**Exercise data:**
(* There is a constant $C>0$ with the following property. For every unital C*-algebra $A$, every $n\ge1$, every $\lambda>0$ and every $\lambda$-Lipschitz map $\alpha_0\colon S^{n-1}\to U(A)$ with $\operatorname{diam}\alpha_0(S^{n-1})\le\frac12$, there is an extension $\alpha\colon D^n\to U(A)$ of $\alpha_0$ which is $C\lambda$-Lipschitz. The constant $C$ depends neither on $A$ nor on $n$.
   Context: $U(A)=\{u\in A:u^*u=uu^*=1\}$, metrized by the norm of $A$; $S^{n-1}\subset D^n\subset\mathbb R^n$ carry the Euclidean metric. *)

From Stdlib Require Import Reals.
Open Scope R_scope.

Record Cplx := mkC { Cre : R; Cim : R }.
Definition C0 : Cplx := mkC 0 0.
Definition C1 : Cplx := mkC 1 0.
Definition Cadd (a b : Cplx) : Cplx := mkC (Cre a + Cre b) (Cim a + Cim b).
Definition Cmul (a b : Cplx) : Cplx :=
  mkC (Cre a * Cre b - Cim a * Cim b) (Cre a * Cim b + Cim a * Cre b).
Definition Cconj (a : Cplx) : Cplx := mkC (Cre a) (- Cim a).
Definition Cmod (a : Cplx) : R := sqrt (Cre a ^ 2 + Cim a ^ 2).
Lemma abel_coord2_eqv u v : eqv u v -> abel u = abel v /\ coord2 u = coord2 v.
Proof.
have mid a b m m' : abel m = abel m' -> coord2 m = coord2 m' ->
    abel (a ++ m ++ b) = abel (a ++ m' ++ b) /\ coord2 (a ++ m ++ b) = coord2 (a ++ m' ++ b).
  by move=> Ha Hc; rewrite !coord2_cat !abel_cat Ha Hc.
elim=> {u v} [//|u v _ [-> ->] //|u v w _ [-> ->] _ [-> ->] //|u v x|u v i j k hki hkj hij].
- rewrite -[u ++ v]/(u ++ [::] ++ v); apply: mid => /=.
    by rewrite !abel_cons letter_vec_inv abel_nil addr0 subrr.
  rewrite abel_cons letter_vec_inv abel_nil addr0 bformNr bform_letter_vec_diag.
  by rewrite bform0r !addr0 oppr0.
- apply: mid => /=.
    by rewrite !abel_cons abel_nil !addr0 addrC addrAC addrC.
  rewrite !abel_cons abel_nil !bform0r !addr0 !bformDr !bform_gen_vec.
  exact: comm_coord_relator (relator_gen_indices hki hkj hij).
Qed.

Lemma abel_winv u : abel (winv u) = - abel u.
Proof.
have [+ _] := abel_coord2_eqv (wmulVg u).
by rewrite abel_cat abel_nil => /eqP; rewrite addr_eq0 => /eqP.
Qed.

Lemma coord2_winv u : coord2 (winv u) = - coord2 u + bform (abel u) (abel u).
Proof.
have [_] := abel_coord2_eqv (wmulVg u).
rewrite coord2_cat abel_winv bformNl /= => H.
by apply/eqP; rewrite -subr_eq0 -H; apply/eqP; rowring.
Qed.

Lemma coord2_wcomm x y : coord2 (wcomm x y) = bform (abel x) (abel y) - bform (abel y) (abel x).
Proof.
rewrite /wcomm !coord2_cat !abel_cat !coord2_winv !abel_winv.
rewrite !(bformDl, bformDr, bformNl, bformNr).
by rowring.
Qed.

Lemma coord2_catl u v : abel u = 0 -> coord2 (u ++ v) = coord2 u + coord2 v.
Proof. by move=> Hu; rewrite coord2_cat Hu bform0l addr0. Qed.

Lemma abel_LCS1 u : LCS 1 u -> abel u = 0.
Proof.
elim=> {u} [_ [x [y [_ ->]]] | | u v _ Hu _ Hv | u _ Hu | u v Huv _ Hu].
- by rewrite /wcomm !abel_cat !abel_winv addrCA addKr addNr.
- exact: abel_nil.
- by rewrite abel_cat Hu Hv addr0.
- by rewrite abel_winv Hu oppr0.
- by rewrite -(abel_coord2_eqv Huv).1.
Qed.

Lemma coord2_LCS2 u : LCS 2 u -> coord2 u = 0.
Proof.
elim=> {u} [_ [x [y [Hx ->]]] | | u v Hu IHu _ IHv | u Hu IHu | u v Huv _ IHu].
- by rewrite coord2_wcomm (abel_LCS1 Hx) bform0l bform0r subrr.
- by [].
- by rewrite coord2_catl ?IHu ?IHv ?addr0 // (abel_LCS1 (LCS_S (n:=1) Hu)).
- by rewrite coord2_winv IHu (abel_LCS1 (LCS_S (n:=1) Hu)) bform0l oppr0 addr0.
- by rewrite -(abel_coord2_eqv Huv).2.
Qed.

Lemma coord2_cong3 u v : LCS 1 u -> LCS 1 v -> cong3 u v -> coord2 u = coord2 v.
Proof.
move=> Hu Hv /coord2_LCS2.
rewrite coord2_catl ?(abel_LCS1 Hu) // coord2_winv (abel_LCS1 Hv) bform0l addr0.
by move/eqP; rewrite subr_eq0 => /eqP.
Qed.

(** * Normal forms modulo Gamma_3 *)

Definition wexp (c : vp3_word) (n : int) : vp3_word :=
  match n with
  | Posz k => flatten (nseq k c)
  | Negz k => flatten (nseq k.+1 (winv c))
  end.

Lemma wexpS c n : eqv (c ++ wexp c n) (wexp c (1 + n)).
Proof.
case: n => [k|[|k]] /=.
- by rewrite add0n.
- by rewrite cats0 wmulgV.
- by rewrite subSS subn0 wmulKVg.
Qed.

Lemma wexpN c n : wexp c (- n.+1%:Z) = winv c ++ wexp c (- n%:Z).
Proof. by case: n => [|n] /=; rewrite ?cats0. Qed.

Lemma wexpD c a b : eqv (wexp c a ++ wexp c b) (wexp c (a + b)).
Proof.
elim/int_ind: a => [|n IH|n IH]; first by rewrite add0r.
- by rewrite [in X in eqv _ X]intS -addrA -wexpS -IH catA.
- rewrite wexpN -catA IH.
  have -> : - n%:Z + b = 1 + (- n.+1%:Z + b) by rewrite intS opprD !addrA subrr add0r.
  by rewrite -wexpS wmulKg.
Qed.

Lemma LCS_wexp n c k : LCS n c -> LCS n (wexp c k).
Proof.
have LCS_rep d : LCS n d -> forall m, LCS n (flatten (nseq m d)).
  by move=> Hd; elim=> [|m IH]; [exact: LCS_nil | exact: LCS_cat].
by move=> Hc; case: k => k; apply: LCS_rep => //; apply: LCS_winv.
Qed.

Lemma coord2_wexp c n : LCS 1 c -> coord2 (wexp c n) = n *: coord2 c.
Proof.
move=> Hc; have Hc0 := abel_LCS1 Hc.
elim/int_ind: n => [|n IH|n IH]; first by rewrite scale0r.
- by rewrite intS scalerDl scale1r -IH -coord2_catl.
- rewrite wexpN coord2_catl ?abel_winv ?Hc0 ?oppr0 // IH coord2_winv Hc0 bform0l addr0.
  by rewrite intS opprD scalerDl scaleN1r.
Qed.

Definition gcomm (p q : nat) : vp3_word := wcomm [:: pos (gen_of p)] [:: pos (gen_of q)].

Lemma coord2_gcomm p q : (p < 6)%N -> (q < 6)%N ->
  coord2 (gcomm p q) = comm_coord p q - comm_coord q p.
Proof.
move=> lt_p6 lt_q6; rewrite coord2_wcomm !abel_cons abel_nil !addr0 !bform_gen_vec.
by rewrite !gen_ofK.
Qed.

Definition basis_pair (m : 'I_9) : nat * nat :=
  nth (0, 0) [:: (1, 0); (2, 0); (3, 1); (3, 2); (4, 1); (4, 2); (5, 0); (5, 3); (5, 4)]%N m.

Definition basis_comm (m : 'I_9) : vp3_word := gcomm (basis_pair m).1 (basis_pair m).2.

Lemma coord2_basis_comm m : coord2 (basis_comm m) = delta_mx 0 m.
Proof.
case: m => [[|[|[|[|[|[|[|[|[|m]]]]]]]]] Hm] //; rewrite coord2_gcomm //= subr0;
  by congr delta_mx; apply: val_inj.
Qed.

Definition basis_word (z : 'rV[int]_9) : vp3_word :=
  \big[cat/[::]]_(m < 9) wexp (basis_comm m) (z 0 m).

Lemma LCS1_basis_word z : LCS 1 (basis_word z).
Proof. by apply: big_ind => [|u v|m _]; [exact: LCS_nil | exact: LCS_cat | apply/LCS_wexp/LCS1_wcomm]. Qed.

Lemma coord2_basis_word z : coord2 (basis_word z) = z.
Proof.
have [_ ->] : abel (basis_word z) = 0 /\
              coord2 (basis_word z) = \sum_(m < 9) z 0 m *: delta_mx 0 m.
  apply: (big_ind2 (fun w v => abel w = 0 /\ coord2 w = v)) => [|u a v b [Hu <-] [Hv <-] | m _].
  - by rewrite abel_nil.
  - by rewrite abel_cat coord2_catl // Hu Hv addr0.
  - have Hc : LCS 1 (basis_comm m) by apply: LCS1_wcomm.
    by rewrite abel_LCS1 ?coord2_wexp ?coord2_basis_comm //; apply: LCS_wexp.
by rewrite [RHS]matrix_sum_delta big_ord1.
Qed.

Lemma basis_word0 : basis_word 0 = [::].
Proof. by rewrite /basis_word big1 // => m _; rewrite mxE. Qed.

Lemma basis_word_delta m : basis_word (delta_mx 0 m) = basis_comm m.
Proof.
rewrite /basis_word (eq_bigr (fun i => if i == m then basis_comm i else [::])).
  by rewrite -big_mkcond big_pred1_eq.
by move=> i _; rewrite mxE eqxx /=; case: (i == m); rewrite /= ?cats0.
Qed.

**Description of the task:** Please give back, exactly as it stands above, the stretch from the line with "- rewrite wexpN -catA IH." through the line with "Lemma LCS1_basis_word z", and no line outside it.

**Response to the exercise:**
- rewrite wexpN -catA IH.
  have -> : - n%:Z + b = 1 + (- n.+1%:Z + b) by rewrite intS opprD !addrA subrr add0r.
  by rewrite -wexpS wmulKg.
Qed.

Lemma LCS_wexp n c k : LCS n c -> LCS n (wexp c k).
Proof.
have LCS_rep d : LCS n d -> forall m, LCS n (flatten (nseq m d)).
  by move=> Hd; elim=> [|m IH]; [exact: LCS_nil | exact: LCS_cat].
by move=> Hc; case: k => k; apply: LCS_rep => //; apply: LCS_winv.
Qed.

Lemma coord2_wexp c n : LCS 1 c -> coord2 (wexp c n) = n *: coord2 c.
Proof.
move=> Hc; have Hc0 := abel_LCS1 Hc.
elim/int_ind: n => [|n IH|n IH]; first by rewrite scale0r.
- by rewrite intS scalerDl scale1r -IH -coord2_catl.
- rewrite wexpN coord2_catl ?abel_winv ?Hc0 ?oppr0 // IH coord2_winv Hc0 bform0l addr0.
  by rewrite intS opprD scalerDl scaleN1r.
Qed.

Definition gcomm (p q : nat) : vp3_word := wcomm [:: pos (gen_of p)] [:: pos (gen_of q)].

Lemma coord2_gcomm p q : (p < 6)%N -> (q < 6)%N ->
  coord2 (gcomm p q) = comm_coord p q - comm_coord q p.
Proof.
move=> lt_p6 lt_q6; rewrite coord2_wcomm !abel_cons abel_nil !addr0 !bform_gen_vec.
by rewrite !gen_ofK.
Qed.

Definition basis_pair (m : 'I_9) : nat * nat :=
  nth (0, 0) [:: (1, 0); (2, 0); (3, 1); (3, 2); (4, 1); (4, 2); (5, 0); (5, 3); (5, 4)]%N m.

Definition basis_comm (m : 'I_9) : vp3_word := gcomm (basis_pair m).1 (basis_pair m).2.

Lemma coord2_basis_comm m : coord2 (basis_comm m) = delta_mx 0 m.
Proof.
case: m => [[|[|[|[|[|[|[|[|[|m]]]]]]]]] Hm] //; rewrite coord2_gcomm //= subr0;
  by congr delta_mx; apply: val_inj.
Qed.

Definition basis_word (z : 'rV[int]_9) : vp3_word :=
  \big[cat/[::]]_(m < 9) wexp (basis_comm m) (z 0 m).

Lemma LCS1_basis_word z : LCS 1 (basis_word z).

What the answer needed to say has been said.